**Aim of the task**
Only one stretch of the listing below is wanted. Begin at the line that has "match nat_of_ord v.1 with", stop after the line that has "Variable R : realFieldType.", and repeat every line in between exactly.

**Data extract**
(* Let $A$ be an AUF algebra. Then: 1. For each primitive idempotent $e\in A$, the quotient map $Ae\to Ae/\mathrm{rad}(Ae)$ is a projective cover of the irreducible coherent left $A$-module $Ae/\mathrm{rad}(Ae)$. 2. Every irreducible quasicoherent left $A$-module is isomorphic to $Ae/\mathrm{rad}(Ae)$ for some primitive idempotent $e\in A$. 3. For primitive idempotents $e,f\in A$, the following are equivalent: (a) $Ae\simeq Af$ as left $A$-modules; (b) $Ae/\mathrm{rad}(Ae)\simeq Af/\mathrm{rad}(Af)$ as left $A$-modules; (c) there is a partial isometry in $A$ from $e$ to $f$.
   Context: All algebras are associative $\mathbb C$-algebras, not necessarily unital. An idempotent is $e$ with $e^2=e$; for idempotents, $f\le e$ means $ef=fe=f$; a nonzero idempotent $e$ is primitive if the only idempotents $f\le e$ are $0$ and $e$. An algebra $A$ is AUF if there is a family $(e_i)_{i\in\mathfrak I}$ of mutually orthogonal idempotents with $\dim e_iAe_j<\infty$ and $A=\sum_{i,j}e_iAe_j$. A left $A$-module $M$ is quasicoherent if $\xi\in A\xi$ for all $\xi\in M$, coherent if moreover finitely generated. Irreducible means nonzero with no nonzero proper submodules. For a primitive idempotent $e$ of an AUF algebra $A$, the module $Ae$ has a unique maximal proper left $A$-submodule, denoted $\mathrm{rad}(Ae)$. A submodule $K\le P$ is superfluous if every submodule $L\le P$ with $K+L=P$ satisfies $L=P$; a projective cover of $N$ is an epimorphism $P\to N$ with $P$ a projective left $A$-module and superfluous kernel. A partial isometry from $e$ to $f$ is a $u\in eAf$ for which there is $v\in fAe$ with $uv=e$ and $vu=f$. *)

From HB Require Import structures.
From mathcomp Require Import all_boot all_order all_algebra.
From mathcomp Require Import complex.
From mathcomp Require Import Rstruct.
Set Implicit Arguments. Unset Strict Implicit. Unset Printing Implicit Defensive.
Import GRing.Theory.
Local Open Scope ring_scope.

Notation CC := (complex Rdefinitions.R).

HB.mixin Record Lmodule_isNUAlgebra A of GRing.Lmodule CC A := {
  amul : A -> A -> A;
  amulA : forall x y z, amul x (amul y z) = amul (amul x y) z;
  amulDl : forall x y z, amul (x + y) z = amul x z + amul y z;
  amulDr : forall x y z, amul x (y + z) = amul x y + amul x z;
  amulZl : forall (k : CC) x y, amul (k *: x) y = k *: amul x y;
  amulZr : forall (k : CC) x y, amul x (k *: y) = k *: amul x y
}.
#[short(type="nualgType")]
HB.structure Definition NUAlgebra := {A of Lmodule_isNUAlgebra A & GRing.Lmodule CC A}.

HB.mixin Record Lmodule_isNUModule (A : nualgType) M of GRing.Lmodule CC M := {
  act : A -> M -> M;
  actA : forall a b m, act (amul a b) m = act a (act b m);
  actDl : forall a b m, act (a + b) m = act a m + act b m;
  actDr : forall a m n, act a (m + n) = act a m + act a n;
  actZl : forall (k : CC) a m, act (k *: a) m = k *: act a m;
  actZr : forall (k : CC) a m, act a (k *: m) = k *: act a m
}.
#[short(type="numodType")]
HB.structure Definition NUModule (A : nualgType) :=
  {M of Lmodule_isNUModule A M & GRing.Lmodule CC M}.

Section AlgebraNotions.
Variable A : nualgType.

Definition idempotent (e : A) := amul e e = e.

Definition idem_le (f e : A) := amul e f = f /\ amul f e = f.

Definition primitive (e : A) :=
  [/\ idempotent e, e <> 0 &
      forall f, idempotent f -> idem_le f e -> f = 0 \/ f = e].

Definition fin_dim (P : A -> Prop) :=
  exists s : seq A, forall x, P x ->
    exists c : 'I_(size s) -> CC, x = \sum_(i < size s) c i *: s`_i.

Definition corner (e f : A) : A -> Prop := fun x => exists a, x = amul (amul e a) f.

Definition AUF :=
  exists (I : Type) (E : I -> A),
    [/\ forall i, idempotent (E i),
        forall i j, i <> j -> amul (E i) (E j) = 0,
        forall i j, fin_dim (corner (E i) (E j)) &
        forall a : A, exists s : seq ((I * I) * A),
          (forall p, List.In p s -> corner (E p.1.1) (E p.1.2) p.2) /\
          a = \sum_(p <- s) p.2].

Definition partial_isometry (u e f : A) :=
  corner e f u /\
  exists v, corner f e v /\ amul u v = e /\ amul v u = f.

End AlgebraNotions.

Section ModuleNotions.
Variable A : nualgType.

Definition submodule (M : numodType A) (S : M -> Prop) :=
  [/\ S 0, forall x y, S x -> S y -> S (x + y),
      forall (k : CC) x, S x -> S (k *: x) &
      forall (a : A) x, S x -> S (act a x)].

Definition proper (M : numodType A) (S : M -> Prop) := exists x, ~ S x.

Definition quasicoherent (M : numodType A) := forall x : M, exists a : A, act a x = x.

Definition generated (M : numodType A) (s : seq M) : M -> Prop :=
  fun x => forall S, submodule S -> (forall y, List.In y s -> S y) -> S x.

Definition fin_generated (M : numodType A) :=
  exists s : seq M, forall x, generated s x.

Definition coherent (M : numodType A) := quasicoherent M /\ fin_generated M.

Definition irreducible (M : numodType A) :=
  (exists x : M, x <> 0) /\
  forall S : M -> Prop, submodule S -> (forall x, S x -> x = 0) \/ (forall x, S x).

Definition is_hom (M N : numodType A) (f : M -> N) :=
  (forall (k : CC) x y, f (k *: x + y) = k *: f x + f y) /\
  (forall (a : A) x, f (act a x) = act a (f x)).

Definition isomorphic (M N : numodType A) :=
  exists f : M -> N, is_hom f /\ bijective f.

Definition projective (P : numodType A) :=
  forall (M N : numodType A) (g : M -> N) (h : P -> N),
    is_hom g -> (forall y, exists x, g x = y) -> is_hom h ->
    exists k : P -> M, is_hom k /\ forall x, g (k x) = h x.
--
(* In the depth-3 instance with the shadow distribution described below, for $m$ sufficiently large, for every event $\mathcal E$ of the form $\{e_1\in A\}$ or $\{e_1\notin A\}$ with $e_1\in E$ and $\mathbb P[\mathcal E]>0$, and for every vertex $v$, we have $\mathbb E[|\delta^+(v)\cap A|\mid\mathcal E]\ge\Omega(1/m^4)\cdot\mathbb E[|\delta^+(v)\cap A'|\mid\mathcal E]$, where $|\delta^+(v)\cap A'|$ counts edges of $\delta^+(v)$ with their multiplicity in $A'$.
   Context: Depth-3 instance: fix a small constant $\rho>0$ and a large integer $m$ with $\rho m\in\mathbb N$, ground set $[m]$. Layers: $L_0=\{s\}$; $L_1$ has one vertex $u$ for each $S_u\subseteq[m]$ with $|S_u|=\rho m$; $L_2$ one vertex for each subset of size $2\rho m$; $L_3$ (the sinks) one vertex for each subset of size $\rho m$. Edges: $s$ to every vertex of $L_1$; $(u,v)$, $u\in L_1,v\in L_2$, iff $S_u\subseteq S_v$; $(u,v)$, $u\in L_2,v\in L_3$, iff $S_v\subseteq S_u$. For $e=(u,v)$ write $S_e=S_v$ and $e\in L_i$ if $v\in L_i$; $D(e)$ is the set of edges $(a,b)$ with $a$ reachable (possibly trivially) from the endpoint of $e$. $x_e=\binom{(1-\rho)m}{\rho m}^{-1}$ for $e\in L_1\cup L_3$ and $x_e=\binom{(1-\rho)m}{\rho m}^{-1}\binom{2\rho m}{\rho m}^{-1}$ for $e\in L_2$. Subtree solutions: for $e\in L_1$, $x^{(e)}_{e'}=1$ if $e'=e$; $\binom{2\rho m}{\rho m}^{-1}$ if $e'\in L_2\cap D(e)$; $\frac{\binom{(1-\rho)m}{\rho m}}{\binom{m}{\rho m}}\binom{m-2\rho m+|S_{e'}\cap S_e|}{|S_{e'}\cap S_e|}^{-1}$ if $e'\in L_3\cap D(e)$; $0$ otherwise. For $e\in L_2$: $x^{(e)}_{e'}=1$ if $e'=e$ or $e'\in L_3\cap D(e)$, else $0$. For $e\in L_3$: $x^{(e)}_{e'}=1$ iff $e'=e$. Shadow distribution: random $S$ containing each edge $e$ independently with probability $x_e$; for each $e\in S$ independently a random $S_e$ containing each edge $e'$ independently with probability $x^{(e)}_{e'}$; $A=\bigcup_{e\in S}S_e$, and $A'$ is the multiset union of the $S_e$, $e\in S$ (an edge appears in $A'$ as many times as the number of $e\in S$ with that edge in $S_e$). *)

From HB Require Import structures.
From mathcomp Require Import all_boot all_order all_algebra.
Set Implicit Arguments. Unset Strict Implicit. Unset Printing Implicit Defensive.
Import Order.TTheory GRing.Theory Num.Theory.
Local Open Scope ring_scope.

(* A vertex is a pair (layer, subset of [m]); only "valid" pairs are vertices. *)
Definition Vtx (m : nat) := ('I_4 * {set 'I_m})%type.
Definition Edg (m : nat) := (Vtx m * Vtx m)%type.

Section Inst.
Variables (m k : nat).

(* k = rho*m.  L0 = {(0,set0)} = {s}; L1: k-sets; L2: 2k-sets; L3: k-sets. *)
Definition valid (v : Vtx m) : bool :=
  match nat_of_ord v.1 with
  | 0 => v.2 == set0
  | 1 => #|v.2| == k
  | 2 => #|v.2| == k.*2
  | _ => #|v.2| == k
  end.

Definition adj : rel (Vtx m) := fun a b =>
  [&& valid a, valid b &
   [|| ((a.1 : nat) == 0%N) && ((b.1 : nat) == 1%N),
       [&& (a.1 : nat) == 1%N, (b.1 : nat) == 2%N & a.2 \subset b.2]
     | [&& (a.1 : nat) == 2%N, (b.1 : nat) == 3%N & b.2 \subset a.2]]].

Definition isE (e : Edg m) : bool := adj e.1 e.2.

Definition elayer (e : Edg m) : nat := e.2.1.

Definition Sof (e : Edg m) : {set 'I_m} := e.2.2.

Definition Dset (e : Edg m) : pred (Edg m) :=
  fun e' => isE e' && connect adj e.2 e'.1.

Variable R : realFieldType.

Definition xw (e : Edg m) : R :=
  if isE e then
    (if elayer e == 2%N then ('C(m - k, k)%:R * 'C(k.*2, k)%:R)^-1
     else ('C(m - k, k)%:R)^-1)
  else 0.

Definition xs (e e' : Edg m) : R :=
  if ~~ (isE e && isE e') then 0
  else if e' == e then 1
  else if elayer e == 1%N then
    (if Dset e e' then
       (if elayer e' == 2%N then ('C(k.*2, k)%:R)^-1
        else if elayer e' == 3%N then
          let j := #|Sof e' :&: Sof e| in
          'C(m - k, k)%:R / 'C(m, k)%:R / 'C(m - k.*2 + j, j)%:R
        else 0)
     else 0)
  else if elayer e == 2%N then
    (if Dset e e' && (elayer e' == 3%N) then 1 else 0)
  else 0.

**Solution to this problem**
  match nat_of_ord v.1 with
  | 0 => v.2 == set0
  | 1 => #|v.2| == k
  | 2 => #|v.2| == k.*2
  | _ => #|v.2| == k
  end.

Definition adj : rel (Vtx m) := fun a b =>
  [&& valid a, valid b &
   [|| ((a.1 : nat) == 0%N) && ((b.1 : nat) == 1%N),
       [&& (a.1 : nat) == 1%N, (b.1 : nat) == 2%N & a.2 \subset b.2]
     | [&& (a.1 : nat) == 2%N, (b.1 : nat) == 3%N & b.2 \subset a.2]]].

Definition isE (e : Edg m) : bool := adj e.1 e.2.

Definition elayer (e : Edg m) : nat := e.2.1.

Definition Sof (e : Edg m) : {set 'I_m} := e.2.2.

Definition Dset (e : Edg m) : pred (Edg m) :=
  fun e' => isE e' && connect adj e.2 e'.1.

Variable R : realFieldType.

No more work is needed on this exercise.